A Tale of Two Kashmirs


The reported protests and the resultant police brutality in Pakistan administered Kashmir (PaK) illustrates that all is not well in the Kashmir that calls itself ‘Azad’ (free). Coming at a time when the “Kashmir banega Pakistan” (Kashmir will become part of Pakistan) chant is resounding in ‘other Kashmir’ (Indian administered Kashmir or IaK), this development across the LoC comes as a whammy for the pro-Pakistan camp. 

The separatists want us to believe that we will get ‘azadi’ (freedom) only when we submit ourselves to Islamabad and they are not at all enthused by the idea of an independent Kashmir. Though anti India sentiments in IaK are high, the very idea of being controlled by Islamabad instead of New Delhi is similar to being shifted from an iron cage into a golden one. And this is where we need to sit back and think because any emotional decision on our future could subsequently bring us grief and remorse if it turns out that we have jumped from the frying pan into the fire.

The tragedy of the Kashmiris is that though there are two Kashmirs, the story in both is basically the same. The idea of going with Pakistan has caught public imagination as we have been told that all is hunky dory in PaK but past events as well as the current protests in Muzaffarabad remind us that the Utopia we seek may not be there.
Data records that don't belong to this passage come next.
(* Let $(\Omega,\mathcal{F},\mathbb{P})$ be a nonatomic probability space, let $u:\mathbb{R}\to\mathbb{R}\cup\{-\infty\}$ be a utility function bounded from above, let $\alpha\in\mathbb{R}$ be such that $u(x)\ge\alpha$ for some $x\in\mathbb{R}$, and set $\mathcal{A}_u^\infty=\{X\in L^\infty: \mathbb{E}[u(X)]\ge\alpha\}$. Let $S=(S_0,S_T)$ be a traded asset with $S_T\in L^\infty$. (i) Assume $u$ never attains the value $-\infty$ and $u(x)>\alpha$ for some $x\in\mathbb{R}$. Then $\rho_{\mathcal{A}_u^\infty,S}$ is finite-valued (hence continuous) on $L^\infty$ if and only if $\mathbb{P}(S_T=0)=0$. (ii) Assume $u$ attains the value $-\infty$ or $u(x)\le\alpha$ for all $x\in\mathbb{R}$. Then $\rho_{\mathcal{A}_u^\infty,S}$ is finite-valued (hence continuous) on $L^\infty$ if and only if $\mathbb{P}(S_T\ge\varepsilon)=1$ for some $\varepsilon>0$.
   Context: A utility function is a nonconstant, increasing, concave function $u:\mathbb{R}\to\mathbb{R}\cup\{-\infty\}$ (it is then unbounded from below). A traded asset is $S=(S_0,S_T)$ with $S_0>0$ and $S_T\ge0$ a.s., $S_T\neq0$. For $\mathcal{B}\subset L^\infty$, $\rho_{\mathcal{B},S}(X)=\inf\{m\in\mathbb{R}: X+\frac{m}{S_0}S_T\in\mathcal{B}\}$, $X\in L^\infty$. *)

From HB Require Import structures.
From mathcomp Require Import all_boot all_order all_algebra.
From mathcomp Require Import all_classical all_reals all_analysis.
Set Implicit Arguments. Unset Strict Implicit. Unset Printing Implicit Defensive.
Import Order.TTheory GRing.Theory Num.Theory.
Local Open Scope classical_set_scope.
Local Open Scope ring_scope.

Section Defs.
Context (R : realType) (d : measure_display) (T : measurableType d).
Variable P : probability T R.

Definition nonatomic : Prop :=
  forall A : set T, measurable A -> (0 < P A)%E ->
    exists B : set T, [/\ measurable B, B `<=` A, (0 < P B)%E & (P B < P A)%E].

Definition Linf (X : T -> R) : Prop :=
  measurable_fun setT X /\ exists M : R, {ae P, forall t, `|X t| <= M}.

Definition utility (u : R -> \bar R) : Prop :=
  [/\ forall x, u x != +oo%E,
      exists x y, u x != u y,
      forall x y, x <= y -> (u x <= u y)%E
    & forall x y (l : R), 0 < l -> l < 1 ->
        (l%:E * u x + (1 - l)%:E * u y <= u (l * x + (1 - l) * y)%R)%E].

Definition acc_set (u : R -> \bar R) (alpha : R) : set (T -> R) :=
  [set X | Linf X /\ (alpha%:E <= \int[P]_t u (X t))%E].

Definition traded_asset (S0 : R) (ST : T -> R) : Prop :=
  [/\ 0 < S0, measurable_fun setT ST, {ae P, forall t, 0 <= ST t}
    & ~ {ae P, forall t, ST t = 0}].

Definition rho (B : set (T -> R)) (S0 : R) (ST : T -> R) (X : T -> R) : \bar R :=
  ereal_inf [set m%:E | m in [set m : R | B (fun t => X t + m / S0 * ST t)]].

End Defs.

From HB Require Import structures.
From mathcomp Require Import all_boot all_order all_algebra.
From mathcomp Require Import all_classical all_reals all_analysis.
From mathcomp Require Import measurable_realfun ring lra.
Set Implicit Arguments. Unset Strict Implicit. Unset Printing Implicit Defensive.
Import Order.TTheory GRing.Theory Num.Theory.
Local Open Scope classical_set_scope.
Local Open Scope ring_scope.

(* [rho X] is finite iff some position [X + m S_T / S_0] is acceptable and the
   acceptable [m] are bounded below.  Comparing [u] of the position with a step
   function, [E u >= b + (a - b) P(A)] when the position stays above a level of
   utility [>= a] on [A] and above a level of utility [>= b] everywhere, and
   symmetrically from above.  As [u] is bounded above, a position that is very
   low on a set of positive probability is unacceptable.  In case (i) [u] is
   finite, hence unbounded below: mass of [S_T] at [0] makes [X = y 1_{S_T = 0}]
   unacceptable for every [m], while [S_T > 0] a.s. makes [P(S_T >= eps)] close
   to [1] for small [eps], which yields an acceptable [m] (large) and a lower
   bound (very negative [m] is ruinous on [S_T >= eps]).  In case (ii) one level
   [y] is ruinous at every probability, so unless [S_T] is bounded away from [0]
   the position [X = y - 1] is unacceptable for every [m]. *)

(* If [v a < v b] with [a < b], concavity at [a] between [z < a] and [b] forces
   [v z <= v b - (v b - v a) (b - z) / (b - a)], which tends to [-oo]. *)
Lemma nondecreasing_concave_unbounded_below (R : realType) (v : R -> R) :
  (forall x y, x <= y -> v x <= v y) -> (exists x y, v x != v y) ->
  (forall x y l, 0 < l -> l < 1 ->
     l * v x + (1 - l) * v y <= v (l * x + (1 - l) * y)) ->
  forall r, exists z, v z <= r.
Proof.
move=> vmono [x1 [y1 hne]] vconc r.
have [a [b [ab vab]]] : exists a b, a < b /\ v a < v b.
  case: (leP x1 y1) => h.
    exists x1, y1; rewrite !lt_neqAle h (vmono _ _ h) !andbT.
    by split; apply: contra hne => /eqP ->.
  by exists y1, x1; split=> //; rewrite lt_neqAle (vmono _ _ (ltW h)) andbT eq_sym.
set h := b - a; set c := v b - v a.
have h0 : 0 < h by rewrite subr_gt0.
have c0 : 0 < c by rewrite subr_gt0.
set D := h * (2 + `|v b - r| / c).
have D2 : 2 * h <= D.
  have : 0 <= `|v b - r| / c by rewrite divr_ge0 // ltW.
  rewrite /D; nra.
have D0 : 0 < D by lra.
set l := h / D.
have lD : l * D = h by rewrite /l mulfVK // gt_eqF.
have cD : c * D = 2 * c * h + h * `|v b - r| by rewrite /D; field; exact: lt0r_neq0.
have l0 : 0 < l by rewrite /l divr_gt0.
have l1 : l < 1 by rewrite /l ltr_pdivrMr; lra.
exists (b - D); rewrite leNgt; apply/negP => r_lt.
have slope : c <= l * (v b - v (b - D)).
  have := vconc (b - D) b l l0 l1.
  have -> : l * (b - D) + (1 - l) * b = a.
    have -> : l * (b - D) + (1 - l) * b = b - l * D by ring.
    by rewrite lD /h; ring.
  by rewrite /c; lra.
have : c * D < l * `|v b - r| * D.
  rewrite ltr_pM2r //; apply: (le_lt_trans slope); rewrite ltr_pM2l //.
  by have := ler_norm (v b - r); lra.
by rewrite mulrAC lD cD; nra.
Qed.

Lemma utility_unbounded_below (R : realType) (u : R -> \bar R) :
  utility u -> forall r, exists z, (u z <= r%:E)%E.
Proof.
move=> [uNy nonconst umono uconc] r.
have [[z uz]|noNy] := pselect (exists z, u z = -oo%E).
  by exists z; rewrite uz leNye.
have ufin x : u x \is a fin_num.
  by rewrite fin_numE uNy andbT; apply/eqP => ux; apply: noNy; exists x.
have uE x : u x = (fine (u x))%:E by rewrite fineK.
have [|||z hz] := @nondecreasing_concave_unbounded_below R (fine \o u) _ _ _ r.
- by move=> x y xy; rewrite -lee_fin -!uE umono.
- case: nonconst => x [y xy]; exists x, y; apply: contra xy => /eqP /= fxy.
  by rewrite uE fxy -uE.
- by move=> x y l l0 l1; rewrite -lee_fin /= -uE EFinD !EFinM -!uE uconc.
by exists z; rewrite uE lee_fin.
Qed.

Lemma nondecreasing_ereal_measurable (R : realType) (u : R -> \bar R) :
  (forall x y, x <= y -> (u x <= u y)%E) -> measurable_fun [set: R] u.
Proof.
move=> umono; apply: (measurability _ (ErealGenCInfty.measurableE R)).
move=> /= _ [_ [r ->] <-]; apply: measurableI => //.
apply: is_interval_measurable => s t /=.
rewrite !in_itv /= !andbT => us ut w /andP[sw wt].
by rewrite in_itv /= andbT (le_trans us) // umono.
Qed.

Section probability_facts.
Context (R : realType) (d : measure_display) (T : measurableType d).
Variable P : probability T R.

Lemma ae_le_integral (f g : T -> \bar R) : measurable_fun setT f ->
  measurable_fun setT g -> {ae P, forall t, (f t <= g t)%E} ->
  (\int[P]_t f t <= \int[P]_t g t)%E.
Proof.
move=> mf mg fg; rewrite integralE [leRHS]integralE leeB //.
- apply: ae_ge0_le_integral => //; do ?[exact: measurable_funepos | exact: funepos_ge0].
  apply: filterS fg => t fgt _.
  by apply: (@funepos_le _ _ [set t] f g); [move=> s; rewrite inE => -> | rewrite inE].
- apply: ae_ge0_le_integral => //; do ?[exact: measurable_funeneg | exact: funeneg_ge0].
  apply: filterS fg => t fgt _.
  by apply: (@funeneg_le _ _ [set t] f g); [move=> s; rewrite inE => -> | rewrite inE].
Qed.

Let step (A : set T) (a b : R) t : \bar R := (b + (a - b) * \1_A t)%:E.

Let stepE (A : set T) (a b : R) t : step A a b t = (if t \in A then a else b)%:E.
Proof.
by rewrite /step indicE; case: (t \in A); rewrite ?mulr1 ?mulr0 ?addr0 // addrC subrK.
Qed.

Let measurable_step (A : set T) (a b : R) : measurable A ->
  measurable_fun setT (step A a b).
Proof.
move=> mA; apply/measurable_EFinP; apply: measurable_funD => //.
by apply: measurable_funM => //; exact: measurable_indic.
Qed.

Let integral_step (A : set T) (a b : R) : measurable A ->
  (\int[P]_t step A a b t = (b + (a - b) * fine (P A))%:E)%E.
Proof.
move=> mA; under eq_integral do rewrite /step EFinD EFinM.
rewrite integralD //; last 2 first.
- exact: finite_measure_integrable_cst.
- by apply: integrableZl => //; exact: integrable_indic.
rewrite integral_cst // integralZl //; last exact: integrable_indic.
rewrite integral_indic // setIT [X in (b%:E * X)%E](_ : _ = 1%E) ?mule1; last first.
  exact: probability_setT.
rewrite -[RHS]/(b%:E + (a - b)%:E * (fine (P A))%:E)%E.
by rewrite fineK ?fin_num_measure.
Qed.

Lemma integral_le_step (f : T -> \bar R) (A : set T) (a b : R) :
  measurable A -> measurable_fun setT f ->
  {ae P, forall t, A t -> (f t <= a%:E)%E} -> {ae P, forall t, (f t <= b%:E)%E} ->
  (\int[P]_t f t <= (b + (a - b) * fine (P A))%:E)%E.
Proof.
move=> mA mf fA fb; rewrite -integral_step //; apply: ae_le_integral => //.
  exact: measurable_step.
by apply: filterS2 fA fb => t ftA ftb; rewrite stepE; case: ifPn => // /set_mem.
Qed.

Lemma integral_ge_step (f : T -> \bar R) (A : set T) (a b : R) :
  measurable A -> measurable_fun setT f ->
  {ae P, forall t, A t -> (a%:E <= f t)%E} -> {ae P, forall t, (b%:E <= f t)%E} ->
  ((b + (a - b) * fine (P A))%:E <= \int[P]_t f t)%E.
Proof.
move=> mA mf fA fb; rewrite -integral_step //; apply: ae_le_integral => //.
  exact: measurable_step.
by apply: filterS2 fA fb => t ftA ftb; rewrite stepE; case: ifPn => // /set_mem.
Qed.

Lemma measurable_ge (f : T -> R) (c : R) :
  measurable_fun setT f -> measurable [set t | c <= f t].
Proof.
move=> mf; have := mf measurableT _ (measurable_itv `[c, +oo[).
by rewrite setTI; congr measurable; apply/seteqP; split => t /=; rewrite in_itv /= andbT.
Qed.

Lemma measurable_eq (f : T -> R) (c : R) :
  measurable_fun setT f -> measurable [set t | f t = c].
Proof. by move=> mf; have := mf measurableT _ (measurable_set1 c); rewrite setTI. Qed.

Lemma ae_of_measure0 (A : set T) (Q : T -> Prop) : measurable A -> P A = 0%E ->
  (forall t, ~ A t -> Q t) -> {ae P, forall t, Q t}.
Proof.
move=> mA PA0 AQ; exists A; split => // t /= nQt.
by apply: contrapT => nAt; exact: nQt (AQ t nAt).
Qed.

Lemma ae_gt0_measure_ge (f : T -> R) (q : R) : measurable_fun setT f ->
  {ae P, forall t, 0 < f t} -> q < 1 ->
  exists2 eps : R, 0 < eps & (q%:E < P [set t | (eps <= f t)%R])%E.
Proof.
move=> mf [N [mN PN0 Nf]] q1.
pose B n := [set t | n.+1%:R^-1 <= f t].
have mB n : measurable (B n) := measurable_ge _ mf.
apply: contrapT => noeps.
have Bq n : (P (B n) <= q%:E)%E.
  by rewrite leNgt; apply/negP => PBn; apply: noeps; exists n.+1%:R^-1.
have Bnd : nondecreasing_seq B.
  move=> n k nk; apply/subsetPset => t /=; apply: le_trans.
  by rewrite lef_pV2 ?posrE ?ltr0n // ler_nat ltnS.
have PB := @nondecreasing_cvg_mu _ _ _ P _ mB (bigcupT_measurable _ mB) Bnd.
have : (P (\bigcup_n B n) <= q%:E)%E.
  by rewrite -(cvg_lim _ PB) //; apply: lime_le; [exact: cvgP PB | exact: nearW].
apply/negP; rewrite -ltNge; apply: (@lt_le_trans _ _ 1%E); first by rewrite lte_fin.
rewrite -[1%E](_ : P (~` N) = _); last by rewrite probability_setC // PN0 sube0.
apply: le_measure; rewrite ?inE; [exact: measurableC | exact: bigcupT_measurable |].
move=> t Nt; have ft : 0 < f t by apply: contrapT => nft; exact: Nt (Nf t nft).
exists (Num.truncn (f t)^-1) => //=; rewrite /B /= -[leRHS]invrK.
by rewrite lef_pV2 ?posrE ?invr_gt0 ?ltr0n // ltW // truncnS_gt.
Qed.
Yes, we may be having religious affinity with Pakistan but given the specter of sectarian violence has taken firm roots there one has to be extremely careful and guard against being over-influenced by the religion factor.

The major problem regarding the movement for the right to self determination is that the Hurriyat has limited it to IaK. By unilaterally deciding that the Kashmiris residing PaK are content and thus don’t require an opportunity to exercise their right to self determination, the Hurriyat has put the horse before the cart. By doing so it has also given more substance to the allegations that the Hurriyat is nothing but a proxy of Islamabad and this ‘tag’ has severely damaged the separatist conglomerate’s credibility.
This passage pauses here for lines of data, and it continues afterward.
Lemma sides_intro b (P X Y : {set T}) : X != set0 -> Y != set0 -> P = X :|: Y ->
  (forall x, x \in X -> c x = b) -> (forall y, y \in Y -> c y = ~~ b) ->
  (forall x y, x \in X -> y \in Y -> e x y) -> sides e P X Y.
Proof.
move=> X0 Y0 PXY cX cY XY; rewrite /sides X0 Y0 PXY eqxx /=; apply/and4P; split.
- apply/pred0P=> z /=; apply/negbTE/negP=> /andP [/cX zX /cY].
  by rewrite zX => {cX cY zX}; case: b.
- apply/forall_inP=> x xX; apply/forall_inP=> x' x'X.
  by apply/negP=> /proper_c; rewrite cX ?cX ?eqxx.
- apply/forall_inP=> y yY; apply/forall_inP=> y' y'Y.
  by apply/negP=> /proper_c; rewrite cY ?cY ?eqxx.
- by apply/forall_inP=> x xX; apply/forall_inP=> y yY; apply: XY.
Qed.

Lemma sides_parts (P X Y : {set T}) : sides e P X Y ->
  exists b, X = part b P /\ Y = part (~~ b) P.
Proof.
case/sidesP=> /set0Pn [x0 x0X] /set0Pn [y0 y0Y] -> XY.
have cX x : x \in X -> c x = c x0.
  move=> xX; move: (proper_c (XY x y0 xX y0Y)) (proper_c (XY x0 y0 x0X y0Y)).
  by case: (c x) (c x0) (c y0) => [] [] [].
have cY y : y \in Y -> c y = ~~ c x0.
  by move=> yY; move: (proper_c (XY x0 y x0X yY)); case: (c x0) (c y) => [] [].
by exists (c x0); have [-> ->] := part_union cX cY.
Qed.

Lemma cbip_parts b (P : {set T}) : cbip e P -> sides e P (part b P) (part (~~ b) P).
Proof.
case/existsP=> X /existsP [Y sXY]; have [b' [eX eY]] := sides_parts sXY.
have [<- | nbb'] := eqVneq b' b; first by rewrite -eX -eY.
have -> : b = ~~ b' by move: nbb'; clear; case: b b' => [] [].
by rewrite negbK -eX -eY; exact: sides_sym.
Qed.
The UN resolutions are equally applicable to both IaK and PaK and if a plebiscite has to be held, it would take place in both the Kashmirs.  And this can only start when Pakistan abides by the UN resolution and agrees to vacate PaK. This is the bottom line and any concessions to either side on any grounds will not be acceptable to the international community. Since Islamabad is providing moral and diplomatic support to the Hurriyat its pro-Pakistan leanings are understandable. However, by clamouring for plebiscite in IaK and maintaining a stoic silence on Pakistan’s continued presence in PaK, the Hurriyat is actually fighting a losing battle!

What the Hurriyat needs to do is use its good offices to persuade Islamabad to set the plebiscite process in motion by vacating PaK. Once this happens New Delhi will have no other choice but to go ahead with the right to self determination exercise. If Pakistan is really a well wisher of the Kashmiris that it claims to be, then for the sake of the people of IaK it should have no objection to temporarily vacate PaK. Since Islamabad as well as the Hurriyat is so confident that the unanimous wish of the people of Kashmir is to go with Pakistan, where is problem for it to pave the way for a plebiscite?

Whether Islamabad vacates PaK or refuses to do so is not the issue for debate here. And why I am writing is because I feel pained at the colossal loss of life and limbs in the current protests and though the separatists may argue that the same has reinvigorated the ‘freedom struggle’ in Kashmir, I humbly beg to differ. We heard the same words being spoken during the 2010 summer protests and have seen for ourselves how all those deaths of our young brothers gave us nothing more than a statistical figure to complain about. So let us not keep making the same mistakes over and over again as they cost us dearly in terms of lives.

Human life is very precious and so every action that exposes our people to grave danger must give results that are commensurate with the sacrifices made. It is unfortunate that instead of calling upon the people to exercise restraint during protests our leaders maintain a stoic silence and at times even indulge in semantics that could further provoke the people. Then in order to conceal the inefficacy of the confrontational approach they come out with emotional declarations like “the blood of martyrs will show its colour one day” or “the blood of our martyrs will not go waste.” This is not how the people should be led!

For more than a quarter century we have endured more than our share of this bloodshed stuff and it’s high time that an end is put to this unproductive practice!